Hezbollah denounces Arab League sanctions on Syria
November 29, 2011 - 18:52
Lebanon’s Islamic resistance movement Hezbollah has denounced the Arab League for its decision to impose sanctions on Syria.
In a statement on Monday, Hezbollah accused the 22-memebr body of making an “unprecedented and dangerous” move, the state news agency SANA reported.
Sanctions, approved on Sunday, include asset freeze, cutting transactions with the Syrian Central Bank, and an embargo on the investments for projects
Damascus has censured the decision as “a betrayal of Arab solidarity.”
Hezbollah said, “The Arab League's approval of these sanctions is a shameful thing” and criticized the measure as one against the regional body's laws and regulations and in violation of the principals of joint Arab efforts.
On November 12 and amid Syria's pressing need for international support in the face of the dire situation it was facing, the Arab League held an emergency session in the Egyptian capital Cairo, voting to suspend the country's membership in the body.
Hezbollah said enforcement of anti-Damascus sanctions was part of a U.S. policy that aimed to serve Washington's agenda in the Middle East.
The restrictive measures, it said, was an act of “vengeance targeting all people in the region.”
Syria has been experiencing unrest ever since mid-March, with demonstrations being held both against and in support of President Bashar al-Assad's government.

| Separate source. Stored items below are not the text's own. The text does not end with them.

(* Let $A$ be a bivariate copula and $K_A$ a version of its Markov kernel such that the function $(x,y)\mapsto K_A(x,[0,y])$ on $[0,1]^2$ has a discontinuity. Then the sequence $(\Delta_N)_{N\in\mathbb{N}}$ given by $$\Delta_N:=\sup_{(x,y)\in[0,1]^2}\left|K_{\mathcal{CB}_N(A)}(x,[0,y])-K_A(x,[0,y])\right|$$ does not converge to $0$ as $N\to\infty$.
   Context: A (bivariate) copula is a distribution function on $[0,1]^2$ with uniform marginals; each copula $B$ corresponds to a doubly stochastic measure $\mu_B$ with $B(x,y)=\mu_B([0,x]\times[0,y])$. A Markov kernel of $B$ is a map $K_B:[0,1]\times\mathcal{B}([0,1])\to[0,1]$, measurable in the first argument, a probability measure in the second, with $\int_{E_1}K_B(x,E_2)\,d\lambda(x)=\mu_B(E_1\times E_2)$ for all Borel $E_1,E_2$ ($\lambda$ = Lebesgue measure). Checkerboard approximation: $I_1^N=[0,\tfrac1N]$, $I_i^N=(\tfrac{i-1}N,\tfrac iN]$ ($i=2,\dots,N$), $Q_{i,j}^N=I_i^N\times I_j^N$; $\mathcal{CB}_N(A)$ is the absolutely continuous copula with density $N^2\sum_{i,j=1}^N\mu_A(Q^N_{i,j})\mathbf 1_{Q^N_{i,j}}$, and its Markov kernel is the version $K_{\mathcal{CB}_N(A)}(x,[0,y])=N^2\sum_{i,j=1}^N\mu_A(Q^N_{i,j})\mathbf 1_{I^N_i}(x)\,\lambda([0,y]\cap I^N_j)$. *)

From HB Require Import structures.
From mathcomp Require Import all_boot all_order all_algebra.
From mathcomp Require Import all_classical all_reals all_analysis measurable_realfun.
Set Implicit Arguments. Unset Strict Implicit. Unset Printing Implicit Defensive.
Import Order.TTheory GRing.Theory Num.Theory.
Import numFieldNormedType.Exports.
Local Open Scope classical_set_scope.
Local Open Scope ring_scope.

Section CopulaDefs.
Context {R : realType}.

Definition Icc (a b : R) : set R := [set` `[a, b]%R].
Definition Ioc (a b : R) : set R := [set` `]a, b]%R].

Definition unit_sq : set (R * R) := (Icc 0 1) `*` (Icc 0 1).

Definition is_copula (A : R -> R -> R) : Prop :=
  (forall x, 0 <= x <= 1 ->
     [/\ A x 0 = 0, A 0 x = 0, A x 1 = x & A 1 x = x]) /\
  (forall x1 x2 y1 y2, 0 <= x1 -> x1 <= x2 -> x2 <= 1 ->
     0 <= y1 -> y1 <= y2 -> y2 <= 1 ->
     0 <= A x2 y2 - A x1 y2 - A x2 y1 + A x1 y1).

(** [mu] is the doubly stochastic measure mu_A of the copula A (extended by
    zero outside [0,1]^2): B(x,y) = mu([0,x] x [0,y]) *)
Definition is_copula_measure (A : R -> R -> R)
    (mu : set (R * R) -> \bar R) : Prop :=
  mu (~` unit_sq) = 0%E /\
  (forall x y, 0 <= x <= 1 -> 0 <= y <= 1 ->
     mu ((Icc 0 x) `*` (Icc 0 y)) = (A x y)%:E).

Definition is_markov_kernel (mu : set (R * R) -> \bar R)
    (K : R -> probability R R) : Prop :=
  [/\ (forall x, 0 <= x <= 1 -> K x (Icc 0 1) = 1%E),
      (forall E : set R, measurable E ->
         measurable_fun (Icc 0 1) (fun x => K x E)) &
      (forall E1 E2 : set R, measurable E1 -> measurable E2 ->
         E1 `<=` (Icc 0 1) -> E2 `<=` (Icc 0 1) ->
         (\int[lebesgue_measure]_(x in E1) K x E2 = mu (E1 `*` E2))%E)].

(** I_i^N, i = 1..N *)
Definition cb_int (N i : nat) : set R :=
  if i == 1%N then (Icc 0 N%:R^-1)
  else Ioc ((i.-1)%:R / N%:R) (i%:R / N%:R).

(** the given version of the Markov kernel of CB_N(A):
    K(x,[0,y]) = N^2 sum_{i,j} mu(Q_ij) 1_{I_i}(x) lambda([0,y] /\ I_j) *)
Definition cb_kernel (mu : set (R * R) -> \bar R) (N : nat) (x y : R) : R :=
  N%:R ^+ 2 * \sum_(1 <= i < N.+1) \sum_(1 <= j < N.+1)
     (fine (mu (cb_int N i `*` cb_int N j)) * \1_(cb_int N i) x
      * fine (lebesgue_measure ((Icc 0 y) `&` cb_int N j))).

Definition cb_Delta (mu : set (R * R) -> \bar R) (K : R -> probability R R)
    (N : nat) : R :=
  sup [set `| cb_kernel mu N p.1 p.2 - fine (K p.1 (Icc 0 p.2)) | | p in unit_sq].

End CopulaDefs.

(* If Delta_N -> 0, then (x, y) |-> K_A(x, [0, y]) is a uniform limit on [0,1]^2 of
   the checkerboard kernels, so it is continuous at (a, b) as soon as infinitely many
   checkerboard kernels are. Each of them is Lipschitz in y, because
   y |-> lambda([0, y] /\ I_j) is, and is a step function of x jumping only at the
   interior grid points k/N. Since k/N = k'/(N+1) is impossible for 0 < k < N, every a
   avoids the grid of N or of N+1, and for that grid the kernel is locally constant in x
   around a. *)
From HB Require Import structures.
From mathcomp Require Import all_boot all_order all_algebra.
From mathcomp Require Import all_classical all_reals all_analysis measurable_realfun.
From mathcomp Require Import zify lra.
Set Implicit Arguments. Unset Strict Implicit. Unset Printing Implicit Defensive.
Import Order.TTheory GRing.Theory Num.Theory.
Import numFieldNormedType.Exports.
Local Open Scope classical_set_scope.
Local Open Scope ring_scope.

Lemma cvg_within_uniform_approx (R : realFieldType) (T : topologicalType)
    (D : set T) (p : T) (f : T -> R) : D p ->
  (forall e, 0 < e -> exists2 g : T -> R,
     (forall q, D q -> `|g q - f q| < e) & g @ within D (nbhs p) --> g p) ->
  f @ within D (nbhs p) --> f p.
Proof.
move=> Dp approx; apply/cvgrPdist_lt => e e0.
have e30 : 0 < e / 3 by rewrite divr_gt0.
have [g gf /cvgrPdist_lt/(_ _ e30) gp] := approx _ e30.
move: gp; rewrite !near_withinE; apply: filterS => q gpq Dq.
have -> : f p - f q = - (g p - f p) + (g p - g q) + (g q - f q).
  by rewrite opprB !addrA !subrK.
have := gf _ Dp; have := gf _ Dq; have := gpq Dq.
move: (g p - f p) (g p - g q) (g q - f q) => u v w hv hw hu.
have := ler_normD (- u + v) w; have := ler_normD (- u) v; rewrite normrN; lra.
Qed.

Section truncated_lebesgue.
Context {R : realType}.
Local Notation lam := (@lebesgue_measure R).
Variable S : set R.
Hypothesis mS : measurable S.

Lemma lebesgue_measure_bnd_itv (a b : R) (b0 b1 : bool) : a <= b ->
  lam [set` Interval (BSide b0 a) (BSide b1 b)] = (b - a)%:E.
Proof.
by move=> ab; rewrite lebesgue_measure_itv /= lte_fin; case: ltgtP ab => // ->; rewrite subrr.
Qed.

Lemma lebesgue_itvI_le (a b : R) (b0 b1 : bool) : a <= b ->
  (lam ([set` Interval (BSide b0 a) (BSide b1 b)] `&` S) <= (b - a)%:E)%E.
Proof.
move=> ab; rewrite -(lebesgue_measure_bnd_itv b0 b1 ab).
by apply: le_measure; rewrite ?inE; [exact: measurableI (measurable_itv _) mS|
  exact: measurable_itv|exact: subIsetl].
Qed.

Lemma lebesgue_Icc0I_fin_num y : 0 <= y -> lam (Icc 0 y `&` S) \is a fin_num.
Proof.
move=> y0; rewrite ge0_fin_numE ?measure_ge0 //.
by apply: le_lt_trans (ltry (y - 0)); exact: lebesgue_itvI_le.
Qed.

Lemma fine_lebesgue_Icc00I : fine (lam (Icc 0 0 `&` S)) = 0.
Proof.
have := lebesgue_itvI_le true false (lexx (0 : R)); rewrite subrr => le0.
by apply/eqP; rewrite eq_le fine_ge0 ?measure_ge0 // andbT -lee_fin fineK ?lebesgue_Icc0I_fin_num.
Qed.

Lemma lebesgue_Icc0I_le_add y y' : 0 <= y -> y <= y' ->
  (lam (Icc 0 y' `&` S) <= lam (Icc 0 y `&` S) + (y' - y)%:E)%E.
Proof.
move=> y0 yy'.
have -> : Icc 0 y' `&` S = (Icc 0 y `&` S) `|` (Ioc y y' `&` S).
  by rewrite -setIUl /Icc /Ioc -itv_bndbnd_setU // bnd_simp.
apply: le_trans (measureU2 _ _ _) _; try exact: measurableI (measurable_itv _) mS.
by apply: leeD2l; exact: lebesgue_itvI_le.
Qed.

Lemma fine_lebesgue_Icc0I_lipschitz y y' : 0 <= y -> 0 <= y' ->
  `|fine (lam (Icc 0 y `&` S)) - fine (lam (Icc 0 y' `&` S))| <= `|y - y'|.
Proof.
wlog yy' : y y' / y <= y'.
  move=> h y0 y'0; have [yy'|/ltW y'y] := leP y y'; first exact: h.
  by rewrite distrC [`|y - _|]distrC; exact: h.
move=> y0 y'0; rewrite distrC [`|y - _|]distrC [leRHS]ger0_norm ?subr_ge0 //.
have fy := lebesgue_Icc0I_fin_num y0; have fy' := lebesgue_Icc0I_fin_num y'0.
have le_y_y' : (lam (Icc 0 y `&` S) <= lam (Icc 0 y' `&` S))%E.
  apply: le_measure; rewrite ?inE; try exact: measurableI (measurable_itv _) mS.
  by apply: setSI; rewrite /Icc => x /=; rewrite !in_itv /= => /andP[-> /le_trans->].
rewrite ger0_norm ?subr_ge0; last exact: fine_le.
rewrite lerBlDl -lee_fin EFinD !fineK //.
exact: lebesgue_Icc0I_le_add.
Qed.

End truncated_lebesgue.

Section grid.
Context {R : realType}.

Definition grid_point (N : nat) (x : R) : Prop :=
  exists2 k, (0 < k < N)%N & x = k%:R / N%:R.

Lemma grid_point_succ N x : grid_point N x -> ~ grid_point N.+1 x.
Proof.
move=> [k /andP[k0 kN] ->] [k' /andP[k'0 k'N]] ekk'.
have e : (k * N.+1 = k' * N)%N.
  have N0 : (0 < N)%N := ltn_trans k0 kN.
  by apply/eqP; rewrite -(eqr_nat R) !natrM -eqr_div ?pnatr_eq0 -?lt0n //; exact/eqP.
have [k'k|kk'] := leqP k' k.
  by have := leq_mul k'k (leqnn N); rewrite -e; lia.
by have := leq_mul kk' (leqnn N); rewrite -e; lia.
Qed.

Lemma exists_off_grid N0 x : exists2 M, (N0 <= M)%N & ~ grid_point M x.
Proof.
have [gN0|ngN0] := pselect (grid_point N0 x); last by exists N0.
by exists N0.+1 => //; exact: grid_point_succ.
Qed.

Lemma nbhs_le_eq (c x0 : R) : x0 != c -> \forall x \near x0, (x <= c) = (x0 <= c).
Proof.
case: ltgtP => // [x0c|cx0] _; near=> x.
  by apply/ltW; near: x; exact: lt_nbhsl.
by rewrite leNgt; apply/negbF; near: x; exact: lt_nbhsr.
Unshelve. all: by end_near. Qed.

Lemma le_grid_near N k x0 : (0 < k <= N)%N -> x0 <= 1 -> ~ grid_point N x0 ->
  \forall x \near x0, x <= 1 -> (x <= k%:R / N%:R) = (x0 <= k%:R / N%:R).
Proof.
move=> /andP[k0 kN] x01 x0_off; have N0 : (0 < N)%N := leq_trans k0 kN.
move: kN; rewrite leq_eqVlt => /predU1P[->|kltN].
  apply: filterE => x x1; rewrite mulfV ?pnatr_eq0 -?lt0n //.
  by apply/idP/idP => _.
have x0k : x0 != k%:R / N%:R.
  by apply/eqP => x0k; apply: x0_off; exists k; rewrite // k0.
by apply: filterS (nbhs_le_eq x0k) => x + _.
Qed.

Lemma le_grid_near_all N x0 : x0 <= 1 -> ~ grid_point N x0 ->
  \forall x \near x0, x <= 1 -> forall k, (0 < k <= N)%N ->
    (x <= k%:R / N%:R) = (x0 <= k%:R / N%:R).
Proof.
move=> x01 x0_off.
have : \forall x \near x0, forall k : 'I_N.+1, x <= 1 -> (0 < k <= N)%N ->
    (x <= k%:R / N%:R) = (x0 <= k%:R / N%:R).
  apply: (@filter_forall R 'I_N.+1 (fun (k : 'I_N.+1) x => x <= 1 -> (0 < k <= N)%N ->
    (x <= k%:R / N%:R) = (x0 <= k%:R / N%:R)) (nbhs x0) _) => k.
  have [kN|_] := boolP (0 < k <= N)%N; last by apply: filterE.
  by apply: filterS (le_grid_near kN x01 x0_off) => x h x1 _; exact: h.
move=> hk; near=> x => x1 k kN.
have kN1 : (k < N.+1)%N by case/andP: kN.
exact: (near hk x) (Ordinal kN1) x1 kN.
Unshelve. all: by end_near. Qed.

Lemma in_cb_int N i (x : R) : 0 <= x ->
  (x \in cb_int N i) = if i == 1%N then x <= 1%:R / N%:R
                       else ~~ (x <= i.-1%:R / N%:R) && (x <= i%:R / N%:R).
Proof.
move=> x0; rewrite /cb_int; case: ifP => _;
  rewrite /Icc /Ioc mem_setE in_itv /= ?x0 ?mul1r //.
by rewrite ltNge.
Qed.

Lemma indic_cb_int_near N x0 : 0 <= x0 <= 1 -> ~ grid_point N x0 ->
  \forall x \near x0, 0 <= x <= 1 -> forall i, (1 <= i <= N)%N ->
    \1_(cb_int N i) x = \1_(cb_int N i) x0 :> R.
Proof.
move=> /andP[x00 x01] x0_off.
apply: filterS (le_grid_near_all x01 x0_off) => x h /andP[x_ge0 /h {}h] i /andP[i1 iN].
rewrite !indicE !in_cb_int //.
case: eqP => [_|/eqP i_neq1]; first by rewrite (h 1%N) ?(leq_trans i1 iN).
by rewrite !h //; lia.
Qed.

End grid.

Lemma unit_sqP (R : realType) (q : R * R) :
  unit_sq q -> (0 <= q.1 <= 1) /\ (0 <= q.2 <= 1).
Proof. by case; rewrite /Icc /= !in_itv. Qed.

Section cb_kernel_regularity.
Context {R : realType}.
Variable mu : set (R * R) -> \bar R.
Variable N : nat.

Definition cb_lipconst : R :=
  N%:R ^+ 2 * \sum_(1 <= i < N.+1) \sum_(1 <= j < N.+1)
     `|fine (mu (cb_int N i `*` cb_int N j))|.

Lemma cb_lipconst_ge0 : 0 <= cb_lipconst.
Proof. by rewrite mulr_ge0 ?exprn_ge0 //; do 2!apply: sumr_ge0 => ? _. Qed.

Lemma measurable_cb_int i : measurable (cb_int (R:=R) N i).
Proof. by rewrite /cb_int; case: ifP => _; exact: measurable_itv. Qed.

Lemma cb_kernel_lipschitz x y y' : 0 <= y -> 0 <= y' ->
  `|cb_kernel mu N x y - cb_kernel mu N x y'| <= cb_lipconst * `|y - y'|.
Proof.
move=> y0 y'0; rewrite /cb_kernel /cb_lipconst -mulrBr normrM -mulrA.
rewrite ger0_norm ?exprn_ge0 // ler_wpM2l ?exprn_ge0 // -sumrB mulr_suml.
apply: le_trans (ler_norm_sum _ _ _) _; apply: ler_sum => i _.
rewrite -sumrB mulr_suml; apply: le_trans (ler_norm_sum _ _ _) _; apply: ler_sum => j _.
rewrite -mulrBr normrM ler_pM //.
  by rewrite normrM -[leRHS]mulr1 ler_wpM2l // indicE; case: (_ \in _); rewrite ?normr1 ?normr0.
exact: fine_lebesgue_Icc0I_lipschitz (measurable_cb_int j) _ _ y0 y'0.
Qed.

Lemma cb_kernel_abs_le x y : 0 <= y -> `|cb_kernel mu N x y| <= cb_lipconst * y.
Proof.
move=> y0; have := cb_kernel_lipschitz x y0 (lexx 0).
have -> : cb_kernel mu N x 0 = 0.
  rewrite /cb_kernel big1 ?mulr0 // => i _; rewrite big1 // => j _.
  by rewrite fine_lebesgue_Icc00I ?mulr0 //; exact: measurable_cb_int.
by rewrite !subr0 (ger0_norm y0).
Qed.

Lemma cb_kernel_near_x x0 : 0 <= x0 <= 1 -> ~ grid_point N x0 ->
  \forall x \near x0, 0 <= x <= 1 -> forall y, cb_kernel mu N x y = cb_kernel mu N x0 y.
Proof.
move=> x01 x0_off; apply: filterS (indic_cb_int_near x01 x0_off) => x h x01' y.
rewrite /cb_kernel; congr (_ * _); apply: eq_big_nat => i iN.
by apply: eq_bigr => j _; rewrite h.
Qed.

Lemma cb_kernel_cvg_within (a b : R) : unit_sq (a, b) -> ~ grid_point N a ->
  (fun q : R * R => cb_kernel mu N q.1 q.2) @ within unit_sq (nbhs (a, b))
    --> cb_kernel mu N a b.
Proof.
move=> /unit_sqP[/= a01 /andP[b0 _]] a_off; apply/cvgrPdist_lt => e e0.
have C1 : 0 < cb_lipconst + 1 by rewrite ltr_wpDl ?cb_lipconst_ge0.
have d0 : 0 < e / (cb_lipconst + 1) by rewrite divr_gt0.
have x_near : \forall q \near (a, b), 0 <= q.1 <= 1 ->
    forall y, cb_kernel mu N q.1 y = cb_kernel mu N a y.
  exact: (@cvg_fst _ _ (nbhs a) (nbhs b) _ _ (cb_kernel_near_x a01 a_off)).
have y_near : \forall q \near (a, b), `|b - q.2| < e / (cb_lipconst + 1).
  exact: (@cvgr_dist_lt _ _ _ (nbhs (a, b)) _ snd b cvg_snd _ d0).
rewrite near_withinE; apply: filterS2 x_near y_near => q xq yq /unit_sqP[/xq-> /andP[q2 _]].
apply: le_lt_trans (cb_kernel_lipschitz a b0 q2) _.
apply: (@le_lt_trans _ _ ((cb_lipconst + 1) * `|b - q.2|)).
  by rewrite ler_wpM2r ?lerDl.
by rewrite mulrC -ltr_pdivlMr.
Qed.
End cb_kernel_regularity.

Lemma normr_fine_probability_le1 d (T : measurableType d) (R : realType)
    (P : probability T R) (A : set T) : measurable A -> `|fine (P A)| <= 1.
Proof.
move=> mA; have P_le1 := probability_le1 P mA.
have P_fin : P A \is a fin_num by rewrite ge0_fin_numE // (le_lt_trans P_le1) ?ltry.
by rewrite ger0_norm ?fine_ge0 // -lee_fin fineK //.
Qed.

Lemma cb_Delta_ge (R : realType) (mu : set (R * R) -> \bar R)
    (K : R -> probability R R) N (q : R * R) : unit_sq q ->
  `|cb_kernel mu N q.1 q.2 - fine (K q.1 (Icc 0 q.2))| <= cb_Delta mu K N.
Proof.
move=> Sq; apply: ub_le_sup; last by exists q.
exists (cb_lipconst mu N + 1) => _ [q' /unit_sqP[_ /andP[q'2_ge0 q'2_le1]] <-].
apply: le_trans (ler_normB _ _) _; apply: lerD.
  apply: le_trans (cb_kernel_abs_le _ _ _ q'2_ge0) _.
  by rewrite ler_piMr ?cb_lipconst_ge0 ?q'2_le1.
exact: normr_fine_probability_le1 (measurable_itv _).
Qed.

Theorem proposition3p6 (R : realType) (A : R -> R -> R)
    (mu : {measure set (R * R) -> \bar R}) (K : R -> probability R R) :
  is_copula A -> is_copula_measure A mu -> is_markov_kernel mu K ->
  (exists p : R * R, unit_sq p /\
     ~ ((fun q : R * R => fine (K q.1 (Icc 0 q.2))) @ within unit_sq (nbhs p)
          --> fine (K p.1 (Icc 0 p.2)))) ->
  ~ (cb_Delta mu K @ \oo --> 0).
Proof.
move=> _ _ _ [[a b] [Sab K_discont]] Delta_cvg0; apply: K_discont.
apply: (cvg_within_uniform_approx Sab) => e e0.
have [N0 _ Delta_lt] := (cvgrPdist_lt _ _).1 Delta_cvg0 _ e0.
have [M N0M a_off] := exists_off_grid N0 a.
exists (fun q : R * R => cb_kernel mu M q.1 q.2); last exact: cb_kernel_cvg_within.
move=> q Sq; apply: le_lt_trans (cb_Delta_ge mu K M Sq) _.
by have := Delta_lt M N0M; rewrite /= sub0r normrN; exact: le_lt_trans (ler_norm _).
Qed.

On October 7, Deputy Foreign Minister Faysal Mekdad said around 1,100 members of the security forces and ordinary citizens had been killed by armed groups in the first seven months of the unrest, which began on March 15.
The United Nations says 3,500 people, many of them members of the security forces, have been killed during the unrest.
The Syrian government says outlaws, saboteurs, and armed terrorists are the driving factor behind the unrest and deadly violence while the opposition accuses the security forces of being behind the killings.
The Syrian government also says that the chaos is being orchestrated from outside the country and the security forces have been given clear instructions not to harm civilians.
In addition, Syrian state TV has broadcast reports showing seized weapons caches and confessions by terrorist elements describing how they obtained arms from foreign sources.